# Microsoft Lifecam VX-3000 software



## animaehawk (Feb 22, 2009)

I just sent someone with a similar problem over to this thread. I am having the exact same problem as the first poster on this thread. Even if I delete and use microsoft to reinstall the program it prompts me for the CD. 

I did some googling and found what I thought was the correct software that would take care of the problem. But all it seems to be is a newer version of the Life Cam program but it still won't read my Camera. :4-dontkno

Here http://www.microsoft.com/hardware/download/DownloadResult.aspx?category=ICE&type=Webcams&name=VX3000&os=XP_64&lang=en


I went into the Device manager. Right clicked on the Microsoft Live Cam (which had the yellow circle with the black exclamation point beside it) scrolled down and clicked on properties and it gave me this message:

"Windows cannot start this hardware device because its configuration information (in the registry) is incomplete or damaged. (Code 19)

Click Troubleshoot to start the troubleshooter for this device." :sigh:

Troubleshooting told me to uninstall and reinstall etc. I didn't have the cd so I used the software from the link (posted earlier) and it told me that I basically couldn't do it without the CD. 

I still hear the 'duh dum' sound whenever I plug the webcam into one of my two perfectly functional usb ports (I know they work because I have a wireless mouse that works with the usb port). So it is fairly obvious that it the computer recognizes the device and that it is plugged in. :4-dontkno


Running a Dell Inspiron Laptop. About 4 years old. 

Processor: Intel (R) Pentium (R) M Processor 1.60 GHz

Memory: 504 MB Ram

If anyone solves this please please let me know. I can't find the installation CD for the web cam as It is probably at my home 2 hours away or in Germany. :sigh:

I am a student and I bought the webcam from a store called Saturn (basically its Best Buy) in Germany when I was over there on an exchange program.

Even if I could find the original packaging I think it is mostly in German.:upset:


----------



## dai (Jul 2, 2004)

i bought one of these the software that came with it was years old
i downloaded the latest software
i put it down to running win7 for it not working but it was the same on vista i ended up taking it back and getting a logitech which worked on vista straight away and as a generic on win7

this is the link to the latest,you need sp2 or later installed on the laptop

http://www.microsoft.com/hardware/d...CE&type=Webcams&name=VX3000&os=XP_SP2&lang=en


----------



## animaehawk (Feb 22, 2009)

I did that, downloaded the software, followed the directions and it still didn't work. 

I am using Windows XP not Windows Vista by the way.


----------



## dai (Jul 2, 2004)

is sp2 or sp3 installed


----------



## animaehawk (Feb 22, 2009)

I just uninstalled and then reinstalled the link you gave me. It didn't work. Exact same problem. I think the link you gave me is the exact same one I had tried earlier when I gave my first post (with the link I had used). 

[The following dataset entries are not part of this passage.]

(* Consider a one-site PTM cascade with $n=1$ layer, with rate constants and $\overline{E},\overline{F}>0$ fixed, and let $T=c^1\overline{F}-c^0\overline{E}$. Consider the BMSS values of $S^1$ and $S^0$ as functions of $\overline{S}\in(0,\infty)$. Then both are strictly increasing in $\overline{S}$, and as $\overline{S}\to+\infty$: (i) if $T<0$, then $S^1\to+\infty$ and $S^0\to-\lambda\overline{F}/\Delta\in(0,\infty)$; (ii) if $T>0$, then $S^1\to\overline{E}/\Delta$ and $S^0\to+\infty$; (iii) if $T=0$, then both $S^1\to+\infty$ and $S^0\to+\infty$; where $\Delta=\gamma\overline{F}-\delta\overline{E}=(\delta/c^0)T$.
   Context: For $n=1$ the one-site PTM cascade has species $E,S^0,S^1,F,Y^0,Y^1$ with reactions $E+S^0\rightleftharpoons Y^0\to E+S^1$ (rate constants $a^0$ forward, $b^0$ backward, $c^0$ catalytic) and $F+S^1\rightleftharpoons Y^1\to F+S^0$ (rate constants $a^1,b^1,c^1$), all positive, mass-action kinetics. Put $\delta=a^1/(b^1+c^1)$, $\gamma=(c^1/c^0)\delta$, $\lambda=\frac{b^0+c^0}{a^0}\gamma$. A steady state for total amounts $\overline{E},\overline{F},\overline{S}$ is a real solution of $Y^0=\gamma FS^1$, $Y^1=\delta FS^1$, $\lambda FS^1=S^0E$, $\overline{F}=F+Y^1$, $\overline{E}=E+Y^0$, $\overline{S}=S^0+S^1+Y^0+Y^1$. A BMSS is a steady state with positive total amounts and all concentrations nonnegative; for positive total amounts it exists and is unique. *)

From Stdlib Require Import Reals Lra.
Open Scope R_scope.

Definition delta (a1 b1 c1 : R) : R := a1 / (b1 + c1).
Definition gamma (c0 a1 b1 c1 : R) : R := (c1 / c0) * delta a1 b1 c1.
Definition lambda (a0 b0 c0 a1 b1 c1 : R) : R :=
  ((b0 + c0) / a0) * gamma c0 a1 b1 c1.

Definition steady_state (a0 b0 c0 a1 b1 c1 Eb Fb Sb E S0 S1 F Y0 Y1 : R) : Prop :=
  Y0 = gamma c0 a1 b1 c1 * F * S1 /\
  Y1 = delta a1 b1 c1 * F * S1 /\
  lambda a0 b0 c0 a1 b1 c1 * F * S1 = S0 * E /\
  Fb = F + Y1 /\
  Eb = E + Y0 /\
  Sb = S0 + S1 + Y0 + Y1.

Definition BMSS (a0 b0 c0 a1 b1 c1 Eb Fb Sb E S0 S1 F Y0 Y1 : R) : Prop :=
  steady_state a0 b0 c0 a1 b1 c1 Eb Fb Sb E S0 S1 F Y0 Y1 /\
  0 < Eb /\ 0 < Fb /\ 0 < Sb /\
  0 <= E /\ 0 <= S0 /\ 0 <= S1 /\ 0 <= F /\ 0 <= Y0 /\ 0 <= Y1.

Definition tends_to_at_pinfty (f : R -> R) (l : R) : Prop :=
  forall eps, 0 < eps -> exists M, forall x, M < x -> Rabs (f x - l) < eps.
Definition tends_to_pinfty_at_pinfty (f : R -> R) : Prop :=
  forall A, exists M, forall x, M < x -> A < f x.

Definition strictly_increasing_pos (f : R -> R) : Prop :=
  forall x y, 0 < x -> x < y -> f x < f y.

(* Eliminating F, E and the complexes leaves everything as a function of y = S^1:
   F = Fb/(1+δy), E = (Eb - Δy)/(1+δy), S^0 = λFb·y/(Eb - Δy) and
   Sb = y + S^0 + (γ+δ)Fb·y/(1+δy).  On the admissible range 0 <= y, Eb - Δy > 0
   both S^0 and Sb are increasing in y, so S^1 and S^0 increase with Sb.  Since the
   complexes stay below (γ+δ)Fb/δ, S^0 + S^1 grows like Sb; the sign of Δ then decides
   which of them stays bounded: for Δ < 0, S^0 < -λFb/Δ; for Δ > 0, y < Eb/Δ; for
   Δ = 0, S^0 is proportional to S^1. *)

From Stdlib Require Import Reals Lra Psatz.
Open Scope R_scope.

Lemma tends_to_pinfty_of_linear_bound (f : R -> R) (m C : R) :
  0 < m -> (forall x, 0 < x -> x - C <= m * f x) -> tends_to_pinfty_at_pinfty f.
Proof.
  intros hm hf A. exists (Rmax 0 (C + m * A)). intros x Hx.
  apply Rmax_Rlt in Hx as [Hx0 HxA].
  apply Rmult_lt_reg_l with m; [exact hm|].
  pose proof (hf x Hx0). lra.
Qed.

Lemma tends_to_of_dist_le_inv (f h : R -> R) (l K : R) :
  tends_to_pinfty_at_pinfty h ->
  (forall x, 0 < x -> 0 < h x -> Rabs (f x - l) <= K / h x) ->
  tends_to_at_pinfty f l.
Proof.
  intros hh hf eps heps.
  destruct (hh (Rmax 0 (K / eps))) as [M HM].
  exists (Rmax 0 M). intros x Hx.
  apply Rmax_Rlt in Hx as [Hx0 HxM].
  specialize (HM x HxM). apply Rmax_Rlt in HM as [Hh0 HhK].
  apply Rle_lt_trans with (K / h x); [exact (hf x Hx0 Hh0)|].
  assert (K < eps * h x).
  { replace K with (K / eps * eps) by (field; lra). nra. }
  replace eps with (eps * h x / h x) by (field; lra).
  apply Rmult_lt_compat_r; [apply Rinv_0_lt_compat|]; lra.
Qed.

Section Profile.

(* In the application k = λFb, D = Δ, c = (γ+δ)Fb and d = δ. *)
Variables (k Eb D c d : R).
Hypotheses (hk : 0 < k) (hEb : 0 < Eb) (hc : 0 < c) (hd : 0 < d).

Definition admissible (y : R) : Prop := 0 <= y /\ 0 < Eb - D * y.
Definition substrate0 (y : R) : R := k * y / (Eb - D * y).
Definition complexes (y : R) : R := c * y / (1 + d * y).
Definition total_substrate (y : R) : R := y + substrate0 y + complexes y.

Lemma admissible_le (y y' : R) : admissible y' -> 0 <= y <= y' -> admissible y.
Proof.
  intros [_ hy'] [hy hyy']. split; [exact hy|].
  destruct (Rle_or_lt 0 D); nra.
Qed.

Lemma substrate0_lt (y y' : R) :
  admissible y -> admissible y' -> y < y' -> substrate0 y < substrate0 y'.
Proof.
  intros [hy hEy] [hy' hEy'] hyy'. unfold substrate0.
  apply Rmult_lt_reg_r with ((Eb - D * y) * (Eb - D * y')); [nra|].
  replace (k * y / (Eb - D * y) * ((Eb - D * y) * (Eb - D * y')))
    with (k * (y * (Eb - D * y'))) by (field; lra).
  replace (k * y' / (Eb - D * y') * ((Eb - D * y) * (Eb - D * y')))
    with (k * (y' * (Eb - D * y))) by (field; lra).
  apply Rmult_lt_compat_l; nra.
Qed.

Lemma complexes_le (y y' : R) : 0 <= y <= y' -> complexes y <= complexes y'.
Proof.
  intros [hy hyy']. unfold complexes.
  assert (0 < 1 + d * y) by nra. assert (0 < 1 + d * y') by nra.
  apply Rmult_le_reg_r with ((1 + d * y) * (1 + d * y')); [nra|].
  replace (c * y / (1 + d * y) * ((1 + d * y) * (1 + d * y')))
    with (c * (y * (1 + d * y'))) by (field; lra).
  replace (c * y' / (1 + d * y') * ((1 + d * y) * (1 + d * y')))
    with (c * (y' * (1 + d * y))) by (field; lra).
  apply Rmult_le_compat_l; nra.
Qed.

Lemma complexes_le_bound (y : R) : 0 <= y -> complexes y <= c / d.
Proof.
  intros hy. unfold complexes.
  assert (0 < 1 + d * y) by nra.
  apply Rmult_le_reg_r with (d * (1 + d * y)); [nra|].
  replace (c * y / (1 + d * y) * (d * (1 + d * y))) with (c * (d * y)) by (field; lra).
  replace (c / d * (d * (1 + d * y))) with (c * (1 + d * y)) by (field; lra).
  apply Rmult_le_compat_l; lra.
Qed.

Lemma total_substrate_le (y y' : R) :
  admissible y' -> 0 <= y <= y' -> total_substrate y <= total_substrate y'.
Proof.
  intros hy' hyy'. unfold total_substrate.
  pose proof (complexes_le y y' hyy').
  destruct (Rle_lt_or_eq_dec y y' (proj2 hyy')) as [hlt|heq]; [|subst y; lra].
  pose proof (substrate0_lt y y' (admissible_le y y' hy' hyy') hy' hlt). lra.
Qed.

Lemma substrate0_lt_limit (y : R) : D < 0 -> admissible y -> substrate0 y < - k / D.
Proof.
  intros hD [hy hEy]. unfold substrate0.
  apply Rmult_lt_reg_r with (- D * (Eb - D * y)); [nra|].
  replace (k * y / (Eb - D * y) * (- D * (Eb - D * y))) with (- D * k * y) by (field; lra).
  replace (- k / D * (- D * (Eb - D * y))) with (k * (Eb - D * y)) by (field; lra).
  nra.
Qed.

Lemma Rabs_substrate0_sub_limit_le (y : R) :
  D < 0 -> admissible y -> 0 < y ->
  Rabs (substrate0 y - - k / D) <= k * Eb / D ^ 2 / y.
Proof.
  intros hD [_ hEy] hy.
  replace (substrate0 y - - k / D) with (- (k * Eb / (- D * (Eb - D * y))))
    by (unfold substrate0; field; lra).
  rewrite Rabs_Ropp, Rabs_right by (apply Rle_ge, Rlt_le, Rdiv_lt_0_compat; nra).
  replace (k * Eb / D ^ 2 / y) with (k * Eb / (D ^ 2 * y)) by (field; lra).
  apply Rmult_le_compat_l; [nra|].
  replace (D ^ 2) with (D * D) by ring.
  apply Rinv_le_contravar; [apply Rmult_lt_0_compat; nra|nra].
Qed.

Lemma admissible_lt_limit (y : R) : 0 < D -> admissible y -> y < Eb / D.
Proof.
  intros hD [_ hEy].
  apply Rmult_lt_reg_r with D; [exact hD|].
  replace (Eb / D * D) with Eb by (field; lra). lra.
Qed.

Lemma Rabs_sub_limit_le_inv_substrate0 (y : R) :
  0 < D -> admissible y -> 0 < substrate0 y ->
  Rabs (y - Eb / D) <= k * Eb / D ^ 2 / substrate0 y.
Proof.
  intros hD hadm hs.
  pose proof (admissible_lt_limit y hD hadm) as hlim.
  destruct hadm as [hy0 hEy].
  assert (hy : y <> 0).
  { intros ->. unfold substrate0 in hs. rewrite Rmult_0_r, Rdiv_0_l in hs. lra. }
  rewrite Rabs_left by lra.
  replace (k * Eb / D ^ 2 / substrate0 y)
    with ((Eb / D - y) * (Eb / (D * y))) by (unfold substrate0; field; lra).
  assert (1 <= Eb / (D * y)).
  { apply Rmult_le_reg_r with (D * y); [nra|].
    replace (Eb / (D * y) * (D * y)) with Eb by (field; lra). lra. }
  nra.
Qed.

Lemma substrate0_proportional (y : R) : D = 0 -> substrate0 y = k / Eb * y.
Proof. intros hD. unfold substrate0. rewrite hD. field. lra. Qed.

Section Branch.

Variables s0 s1 : R -> R.
Hypothesis hbranch : forall x, 0 < x ->
  admissible (s1 x) /\ s0 x = substrate0 (s1 x) /\ x = total_substrate (s1 x).

Lemma branch_s1_increasing : strictly_increasing_pos s1.
Proof.
  intros x x' hx hxx'.
  destruct (hbranch x hx) as [hadm [_ hxt]].
  destruct (hbranch x' ltac:(lra)) as [hadm' [_ hxt']].
  destruct (Rlt_or_le (s1 x) (s1 x')) as [hlt|hle]; [exact hlt|].
  pose proof (total_substrate_le (s1 x') (s1 x) hadm (conj (proj1 hadm') hle)). lra.
Qed.

Lemma branch_s0_increasing : strictly_increasing_pos s0.
Proof.
  intros x x' hx hxx'.
  destruct (hbranch x hx) as [hadm [-> _]].
  destruct (hbranch x' ltac:(lra)) as [hadm' [-> _]].
  apply substrate0_lt; [exact hadm|exact hadm'|].
  exact (branch_s1_increasing x x' hx hxx').
Qed.

Lemma branch_sum_lower_bound (x : R) : 0 < x -> x - c / d <= s1 x + s0 x.
Proof.
  intros hx. destruct (hbranch x hx) as [[hy hEy] [-> hxt]].
  pose proof (complexes_le_bound (s1 x) hy).
  unfold total_substrate in hxt. lra.
Qed.

Lemma branch_limits_neg :
  D < 0 -> tends_to_pinfty_at_pinfty s1 /\ tends_to_at_pinfty s0 (- k / D).
Proof.
  intros hD.
  assert (hs1 : tends_to_pinfty_at_pinfty s1).
  { apply tends_to_pinfty_of_linear_bound with 1 (c / d - k / D); [lra|].
    intros x hx. pose proof (branch_sum_lower_bound x hx).
    destruct (hbranch x hx) as [hadm [hs0x _]].
    pose proof (substrate0_lt_limit (s1 x) hD hadm). lra. }
  split; [exact hs1|].
  apply tends_to_of_dist_le_inv with s1 (k * Eb / D ^ 2); [exact hs1|].
  intros x hx hy. destruct (hbranch x hx) as [hadm [-> _]].
  exact (Rabs_substrate0_sub_limit_le (s1 x) hD hadm hy).
Qed.

Lemma branch_limits_pos :
  0 < D -> tends_to_at_pinfty s1 (Eb / D) /\ tends_to_pinfty_at_pinfty s0.
Proof.
  intros hD.
  assert (hs0 : tends_to_pinfty_at_pinfty s0).
  { apply tends_to_pinfty_of_linear_bound with 1 (c / d + Eb / D); [lra|].
    intros x hx. pose proof (branch_sum_lower_bound x hx).
    destruct (hbranch x hx) as [hadm _].
    pose proof (admissible_lt_limit (s1 x) hD hadm). lra. }
  split; [|exact hs0].
  apply tends_to_of_dist_le_inv with s0 (k * Eb / D ^ 2); [exact hs0|].
  intros x hx hs. destruct (hbranch x hx) as [hadm [hs0x _]].
  rewrite hs0x in hs |- *. exact (Rabs_sub_limit_le_inv_substrate0 (s1 x) hD hadm hs).
Qed.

As for Sp2 or Sp3 ....I have no idea what that means. Do explain.


----------



## dai (Jul 2, 2004)

sp2= service pack 2
in the start menu/programs/system tools
click on system information and see what it lists as your operating system
windows xp
windows xpsp1
windows xpsp2
windows xpsp3


----------



## animaehawk (Feb 22, 2009)

Microsoft Windows XP 

Professional

Version 2002

Service pack 2

(I think that hopefully answers the question)


----------



## dai (Jul 2, 2004)

yes that's ok
rma the camera


----------



## animaehawk (Feb 22, 2009)

RMA? I don't know that abbreviation.


----------



## dai (Jul 2, 2004)

take it back


----------